## [EXERCISE]
Lines holding the string "exact" in the listing below are to be copied.
Segment Start: DATASET EXTRACT
Ltac solve_continuous2 :=
  lazymatch goal with
  | |- continuous2 (fun t u => @?f t u + @?g t u) =>
      apply (continuous2_plus f g); solve_continuous2
  | |- continuous2 (fun t u => @?f t u - @?g t u) =>
      apply (continuous2_minus f g); solve_continuous2
  | |- continuous2 (fun t u => @?f t u * @?g t u) =>
      apply (continuous2_mult f g); solve_continuous2
  | |- continuous2 (fun t u => @?f t u / @?g t u) =>
      apply (continuous2_div f g);
        [solve_continuous2 | solve_continuous2
        | intros; first [apply speed_neq0 | apply pow_nonzero, speed_neq0]]
  | |- continuous2 (fun t u => @?f t u ^ ?n) =>
      apply (continuous2_pow f n); solve_continuous2
  | |- continuous2 (fun _ _ => ?c) => apply continuous2_const
  | |- continuous2 (fun t u => speed x y t u) => exact continuous2_speed
  | |- continuous2 (speed x y) => exact continuous2_speed
  | |- _ => apply smooth2_continuous2; solve_smooth2
  end.

Lemma continuous2_normal_vel : continuous2 (normal_vel x y).
Proof. unfold normal_vel. solve_continuous2. Qed.

Lemma continuous2_curv_normal_vel :
  continuous2 (fun t u => signed_curv x y t u * normal_vel x y t u).
Proof. unfold signed_curv, normal_vel. solve_continuous2. Qed.

Lemma is_derive_speed_t (t u : R) :
  is_derive (fun s => speed x y s u) t (speed_dt x y t u).
Proof.
  unfold speed_dt, speed.
  rewrite <- (smooth2_pt_pu x), <- (smooth2_pt_pu y) by assumption.
  apply (is_derive_sqrt_sum_sq (fun s => pu x s u) (fun s => pu y s u));
    [apply smooth2_is_derive_t, smooth2_pu, smooth_x
    | apply smooth2_is_derive_t, smooth2_pu, smooth_y
    | apply speed_sq_pos].
Qed.

Lemma RInt_speed_dt (t : R) :
  RInt (fun u => speed_dt x y t u) 0 1
  = RInt (fun u => signed_curv x y t u * normal_vel x y t u) 0 1.
Proof.
  apply (RInt_eq_mod_periodic_derive _ _ (fun u =>
    (pu x t u * pt x t u + pu y t u * pt y t u) / speed x y t u)).
  - intros u. unfold speed_dt, signed_curv, normal_vel, speed.
    apply is_derive_dot_div_norm; try apply smooth2_is_derive_u;
      auto using smooth2_pu, smooth2_pt, speed_sq_pos.
  - intros u. apply (continuous2_continuous_u (speed_dt x y)).
    unfold speed_dt. solve_continuous2.
  - intros u. apply (continuous2_continuous_u _ t u continuous2_curv_normal_vel).
  - intros u. unfold speed.
    rewrite !pu_periodic, !pt_periodic by assumption. reflexivity.
Qed.

Lemma is_derive_len_C (t : R) :
  is_derive (len_C x y) t
    (RInt (fun u => signed_curv x y t u * normal_vel x y t u) 0 1).
Proof.
  rewrite <- RInt_speed_dt.
  apply (is_derive_RInt01 (speed x y) (speed_dt x y)).
  - intros s u. apply is_derive_speed_t.
  - exact continuous2_speed.
  - unfold speed_dt. solve_continuous2.
Qed.

Lemma is_derive_area_form_t (t u : R) :
  is_derive (fun s => area_form x y s u) t (area_form_dt x y t u).
Proof.
  unfold area_form_dt.
  rewrite <- (smooth2_pt_pu x), <- (smooth2_pt_pu y) by assumption.
  apply (is_derive_cross (fun s => x s u) (fun s => pu y s u)
                         (fun s => y s u) (fun s => pu x s u));
    apply smooth2_is_derive_t; solve_smooth2.
Qed.

Lemma RInt_area_form_dt (t : R) :
  RInt (fun u => area_form_dt x y t u) 0 1
  = 2 * RInt (normal_vel x y t) 0 1.
Proof.
  rewrite (RInt_eq_mod_periodic_derive _ (fun u => 2 * normal_vel x y t u)
             (fun u => x t u * pt y t u - y t u * pt x t u)).
  - apply (RInt_scal (V := R_CompleteNormedModule)).
    apply continuous2_ex_RInt, continuous2_normal_vel.
  - intros u.
    replace (area_form_dt x y t u - 2 * normal_vel x y t u)
      with (pu x t u * pt y t u + x t u * pu (pt y) t u
            - (pu y t u * pt x t u + y t u * pu (pt x) t u))
      by (unfold area_form_dt, normal_vel; ring).
    apply (is_derive_cross (fun v => x t v) (fun v => pt y t v)
                           (fun v => y t v) (fun v => pt x t v));
      apply smooth2_is_derive_u; solve_smooth2.
  - intros u. apply (continuous2_continuous_u (area_form_dt x y)).
    unfold area_form_dt. solve_continuous2.
  - intros u. apply (continuous2_continuous_u (fun s v => 2 * normal_vel x y s v)).
    apply continuous2_mult; [apply continuous2_const | apply continuous2_normal_vel].
  - intros u. rewrite periodic_x, periodic_y, !pt_periodic by assumption.
    reflexivity.
Qed.

Lemma is_derive_signed_area (t : R) :
  is_derive (signed_area x y) t (RInt (normal_vel x y t) 0 1).
Proof.
  replace (RInt (normal_vel x y t) 0 1)
    with (/ 2 * RInt (fun u => area_form_dt x y t u) 0 1)
    by (rewrite RInt_area_form_dt; field).
  apply is_derive_scal.
  apply (is_derive_RInt01 (area_form x y) (area_form_dt x y)).
  - intros s u. apply is_derive_area_form_t.
  - unfold area_form. solve_continuous2.
  - unfold area_form_dt. solve_continuous2.
Qed.

Lemma len_C_pos (t : R) : 0 < len_C x y t.
Proof.
  apply RInt_gt_0; [lra | intros; apply speed_pos |].
  intros u _. apply (continuous2_continuous_u (speed x y)), continuous2_speed.
Qed.

Lemma inner_C_gradient (t : R) :
  signed_area x y t <> 0 ->
  inner_C x y t (pt x t) (pt y t)
    (fun u => (curv x y t u - 2 * len_C x y t / lambda x y t) * nu1 x y t u)
    (fun u => (curv x y t u - 2 * len_C x y t / lambda x y t) * nu2 x y t u)
  = RInt (fun u => signed_curv x y t u * normal_vel x y t u) 0 1 / len_C x y t
    - 2 * RInt (normal_vel x y t) 0 1 / signed_area x y t.
Proof.
  intros HA.
  assert (Hlambda : lambda x y t <> 0) by (apply Rabs_no_R0, HA).
  assert (HL : len_C x y t <> 0) by (apply Rgt_not_eq, len_C_pos).
  unfold inner_C.
  rewrite (RInt_ext _ (fun u => signed_curv x y t u * normal_vel x y t u
             - 2 * len_C x y t / lambda x y t * orient x y t * normal_vel x y t u))
    by (intros; apply gradient_integrand, speed_neq0).
  rewrite RInt_minus_scal; cycle 1.
  { apply (continuous2_ex_RInt _ t 0 1 continuous2_curv_normal_vel). }
  { apply (continuous2_ex_RInt _ t 0 1 continuous2_normal_vel). }
  replace (2 * len_C x y t / lambda x y t * orient x y t)
    with (2 * len_C x y t * (orient x y t / lambda x y t)) by (field; exact Hlambda).
  rewrite orient_div_lambda by exact HA.
  field. split; assumption.
Qed.

End FirstVariation.

Theorem lemma2p5 (x y : R -> R -> R)
  (Hfam : smooth_simple_closed_family x y)
  (Harea : forall t, 0 < lambda x y t) (t : R) :
  is_derive (fun s => Psi x y s) t
    (inner_C x y t (pt x t) (pt y t)
       (fun u => (curv x y t u - 2 * len_C x y t / lambda x y t) * nu1 x y t u)
       (fun u => (curv x y t u - 2 * len_C x y t / lambda x y t) * nu2 x y t u)).
Proof.
  destruct Hfam as (sx & sy & Hper & _ & reg).
  assert (perx : forall s u, x s (u + 1) = x s u) by apply Hper.
  assert (pery : forall s u, y s (u + 1) = y s u) by apply Hper.
  assert (HA : signed_area x y t <> 0).
  { intros HA0. specialize (Harea t). unfold lambda in Harea.
    rewrite HA0, Rabs_R0 in Harea. lra. }
  apply (is_derive_ext (fun s => ln (len_C x y s / signed_area x y s ^ 2)));
    [intros s; symmetry; apply Psi_signed_area |].
  rewrite inner_C_gradient by assumption.
  apply is_derive_ln_div_sq;
    auto using is_derive_len_C, is_derive_signed_area, len_C_pos.
Qed.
Segment End: DATASET EXTRACT
## [RESPONSE AREA]
  | |- continuous2 (fun t u => speed x y t u) => exact continuous2_speed
  | |- continuous2 (speed x y) => exact continuous2_speed
  - exact continuous2_speed.
    with (2 * len_C x y t * (orient x y t / lambda x y t)) by (field; exact Hlambda).
  rewrite orient_div_lambda by exact HA.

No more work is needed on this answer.